**STUDY MATERIAL**
Lemma vge_val m x : x != 0 -> vge v m x -> m <= v x.
Proof. by move=> x0 [/eqP|]; rewrite ?(negbTE x0). Qed.

Lemma vge0_unit a : vge v 0 a -> ~ vge v 1 a -> a != 0 /\ v a = 0.
Proof.
move=> ha na; have a0 : a != 0 by apply: contra_not_neq na => ->; left.
split=> //; apply/eqP; rewrite eq_le (vge_val a0 ha) andbT leNgt.
by apply/negP => pos; apply: na; right.
Qed.

Lemma valD_unit a x : a != 0 -> v a = 0 -> vge v 1 x -> x + a != 0 /\ v (x + a) = 0.
Proof.
move=> a0 va hx; have [->|x0] := eqVneq x 0; first by rewrite add0r.
have lt : v a < v x by rewrite va; apply: lt_le_trans (vge_val x0 hx).
by have [-> ->] := valD_neq x0 a0 (negbT (gt_eqF lt)); rewrite min_r // ltW.
Qed.

Lemma vge_le m m' x : m' <= m -> vge v m x -> vge v m' x.
Proof. by move=> le [->|h]; [left|right; apply: le_trans h]. Qed.

Lemma vgeD m x y : vge v m x -> vge v m y -> vge v m (x + y).
Proof.
move=> [->|hx]; first by rewrite add0r.
move=> [->|hy]; first by rewrite addr0; right.
have [->|xy0] := eqVneq (x + y) 0; first exact: vge0.
have [->|x0] := eqVneq x 0; first by rewrite add0r; right.
have [->|y0] := eqVneq y 0; first by rewrite addr0; right.
by right; case: hv => _ /(_ x y x0 y0 xy0); apply: le_trans; rewrite le_min hx hy.
Qed.

Lemma vgeN m x : vge v m x -> vge v m (- x).
Proof. by case=> [->|h]; [left; rewrite oppr0|right; rewrite valN]. Qed.

Lemma vgeB m x y : vge v m x -> vge v m y -> vge v m (x - y).
Proof. by move=> hx /vgeN; apply: vgeD. Qed.

Lemma vge_sum m (I : Type) (r : seq I) (P : pred I) (G : I -> F) :
  (forall i, P i -> vge v m (G i)) -> vge v m (\sum_(i <- r | P i) G i).
Proof. by move=> h; apply: big_ind => //; [apply: vge0|apply: vgeD]. Qed.

Lemma vgeM a b x y : vge v a x -> vge v b y -> vge v (a + b) (x * y).
Proof.
move=> [->|hx]; first by rewrite mul0r; left.
move=> [->|hy]; first by rewrite mulr0; left.
have [->|x0] := eqVneq x 0; first by rewrite mul0r; left.
have [->|y0] := eqVneq y 0; first by rewrite mulr0; left.
by right; rewrite valM // lerD.
Qed.

Lemma vgeMl m x y : vge v 0 x -> vge v m y -> vge v m (x * y).
Proof. by move=> hx /(vgeM hx); rewrite add0r. Qed.

Lemma vgeMr m x y : vge v m x -> vge v 0 y -> vge v m (x * y).
Proof. by move=> hx /(vgeM hx); rewrite addr0. Qed.

Lemma vge1 : vge v 0 1. Proof. by right; rewrite val1. Qed.

Lemma vgeX m x k : vge v m x -> vge v (k%:Z * m) (x ^+ k).
Proof.
move=> h; elim: k => [|k IH]; first by rewrite expr0 mul0r; apply: vge1.
by rewrite exprS intS mulrDl mul1r; apply: vgeM.
Qed.

Lemma vge_eq0 x : (forall m, vge v m x) -> x = 0.
Proof.
move=> h; have [//|x0] := eqVneq x 0.
by have := vge_val x0 (h (v x + 1)); rewrite gerDl.
Qed.

Section DistinctValuations.
Variables (I : eqType) (t : I -> F).

Definition distinct_vals (r : seq I) :=
  {in r &, forall i j, i != j -> t i != 0 -> t j != 0 -> v (t i) != v (t j)}.

Lemma sum_distinct_vals r : uniq r -> distinct_vals r ->
  (\sum_(i <- r) t i != 0 ->
     exists2 i, i \in r & t i != 0 /\ v (\sum_(i <- r) t i) = v (t i)) /\
  (forall m, vge v m (\sum_(i <- r) t i) -> {in r, forall i, vge v m (t i)}).
Proof.
elim: r => [|x r IH] /=; first by rewrite big_nil eqxx.
move=> /andP[xr ur] dt; rewrite big_cons.
have [|IH1 IH2] := IH ur; first by move=> i j ir jr; apply: dt; rewrite inE ?ir ?jr orbT.
set S := \sum_(i <- r) t i in IH1 IH2 *.
have [tx0|tx0] := eqVneq (t x) 0.
  rewrite tx0 add0r; split=> [/IH1 [i ir hi]|m hm i]; first by exists i; rewrite // inE ir orbT.
  by rewrite inE => /predU1P [->|/IH2]; [rewrite tx0; apply: vge0|apply].
have [S0|S0] := eqVneq S 0.
  rewrite S0 addr0; split=> [_|m hm i]; first by exists x; rewrite ?inE ?eqxx.
  by rewrite inE => /predU1P [->//|/(IH2 m)]; apply; rewrite S0; apply: vge0.
have [i ir [ti0 vS]] := IH1 S0.
have neq : v (t x) != v S.
  by rewrite vS dt ?inE ?eqxx ?ir ?orbT //; apply: contraNneq xr => ->.
have [sum0 vsum] := valD_neq tx0 S0 neq.
split=> [_|m hm j].
  by case: leP vsum => _ ->; [exists x; rewrite ?inE ?eqxx|exists i; rewrite ?inE ?ir ?orbT].
have := vge_val sum0 hm; rewrite vsum le_min => /andP [mx mS].
rewrite inE => /predU1P [->|jr]; first by right.
by apply: IH2 jr; right.
Qed.

Lemma vge_sum_distinct r m : uniq r -> distinct_vals r ->
  vge v m (\sum_(i <- r) t i) -> {in r, forall i, vge v m (t i)}.
Proof. by move=> ur dt; have [_] := sum_distinct_vals ur dt; apply. Qed.

End DistinctValuations.
End Valuation.

Lemma dvdz_addn_small_inj (n : nat) (A B : int) (i j : nat) :
  (i < n)%N -> (j < n)%N -> (n%:Z %| A)%Z -> (n%:Z %| B)%Z ->
  A + i%:Z = B + j%:Z -> i = j.
Proof.
move=> hi hj /dvdzP [a ->] /dvdzP [b ->] /(congr1 (fun x => (x %% n%:Z)%Z)).
by rewrite !modzMDl !modz_nat !modn_small // => -[].
Qed.

Lemma dvdz_le_opp (n : nat) (A : int) : (n%:Z %| A)%Z -> A < 0 -> A <= - n%:Z.
Proof.
move=> /dvdzP [q ->]; case: n => [|n]; first by rewrite mulr0 ltxx.
by rewrite pmulr_llt0 // -mulN1r ler_pM2r // => q0; lia.
Qed.

Section ValuationRing.
Variables (F : fieldType) (v : F -> int).

(* The premise [is_valuation v] inside the predicate makes its closure
   properties hold unconditionally, so that the subring instance needs no
   hypothesis. *)
Definition vring : {pred F} := fun x => `[< is_valuation v -> vge v 0 x >].

Fact vring_subring_closed : subring_closed vring.
Proof.
split=> [|x y /asboolP hx /asboolP hy|x y /asboolP hx /asboolP hy]; apply/asboolP=> hv.
- exact: vge1.
- exact: vgeB (hx hv) (hy hv).
- exact: vgeMl (hx hv) (hy hv).
Qed.
HB.instance Definition _ := GRing.isSubringClosed.Build F vring vring_subring_closed.

Hypothesis hv : is_valuation v.

Lemma vringP x : reflect (vge v 0 x) (x \in vring).
Proof. by apply: (iffP (asboolP _)) => [|h _]; [apply|]. Qed.

Lemma polyOP q : polyO v q <-> q \is a polyOver vring.
Proof. by split=> [h|/polyOverP h i]; [apply/polyOverP => i|]; apply/vringP. Qed.

End ValuationRing.

Section ValuationRingK.
Variables (K : fieldType) (L : fieldExtType K) (v : L -> int).

Definition vringK : {pred L} := fun x => (x \in vring v) && (x \in 1%VS).

Fact vringK_subring_closed : subring_closed vringK.
Proof.
split=> [|x y /andP[hx1 hx2] /andP[hy1 hy2]|x y /andP[hx1 hx2] /andP[hy1 hy2]].
- by rewrite /vringK unfold_in /= !rpred1.
- by rewrite /vringK unfold_in /= !rpredB.
- by rewrite /vringK unfold_in /= !rpredM.
Qed.
HB.instance Definition _ := GRing.isSubringClosed.Build L vringK vringK_subring_closed.

End ValuationRingK.

Lemma comp_polyB_factor (R : comNzRingType) (S : subringClosed R) (p x y : {poly R}) :
  p \is a polyOver S -> x \is a polyOver S -> y \is a polyOver S ->
  exists2 q, q \is a polyOver S & (p \Po x) - (p \Po y) = (x - y) * q.
Proof.
move=> + Sx Sy; elim/poly_ind: p => [|p c IH] Sp.
  by exists 0; [exact: rpred0|rewrite !comp_poly0 subrr mulr0].
have Sp' : p \is a polyOver S.
  by apply/polyOverP => i; move/polyOverP/(_ i.+1): Sp; rewrite coefD coefMX coefC addr0.
have [q Sq eq] := IH Sp'.
exists (q * x + (p \Po y)); first by rewrite rpredD ?rpredM ?(polyOver_comp Sp').
rewrite !comp_poly_MXaddC.
by transitivity (((p \Po x) - (p \Po y)) * x + (p \Po y) * (x - y)); [ring|rewrite eq; ring].
Qed.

**WORK ITEM**
Everything from the line containing "- by rewrite /vringK unfold_in /= !rpredM." to the bottom of the listing is to be set down exactly; leave out all other lines.

**RESPONSE AREA**
- by rewrite /vringK unfold_in /= !rpredM.
Qed.
HB.instance Definition _ := GRing.isSubringClosed.Build L vringK vringK_subring_closed.

End ValuationRingK.

Lemma comp_polyB_factor (R : comNzRingType) (S : subringClosed R) (p x y : {poly R}) :
  p \is a polyOver S -> x \is a polyOver S -> y \is a polyOver S ->
  exists2 q, q \is a polyOver S & (p \Po x) - (p \Po y) = (x - y) * q.
Proof.
move=> + Sx Sy; elim/poly_ind: p => [|p c IH] Sp.
  by exists 0; [exact: rpred0|rewrite !comp_poly0 subrr mulr0].
have Sp' : p \is a polyOver S.
  by apply/polyOverP => i; move/polyOverP/(_ i.+1): Sp; rewrite coefD coefMX coefC addr0.
have [q Sq eq] := IH Sp'.
exists (q * x + (p \Po y)); first by rewrite rpredD ?rpredM ?(polyOver_comp Sp').
rewrite !comp_poly_MXaddC.
by transitivity (((p \Po x) - (p \Po y)) * x + (p \Po y) * (x - y)); [ring|rewrite eq; ring].
Qed.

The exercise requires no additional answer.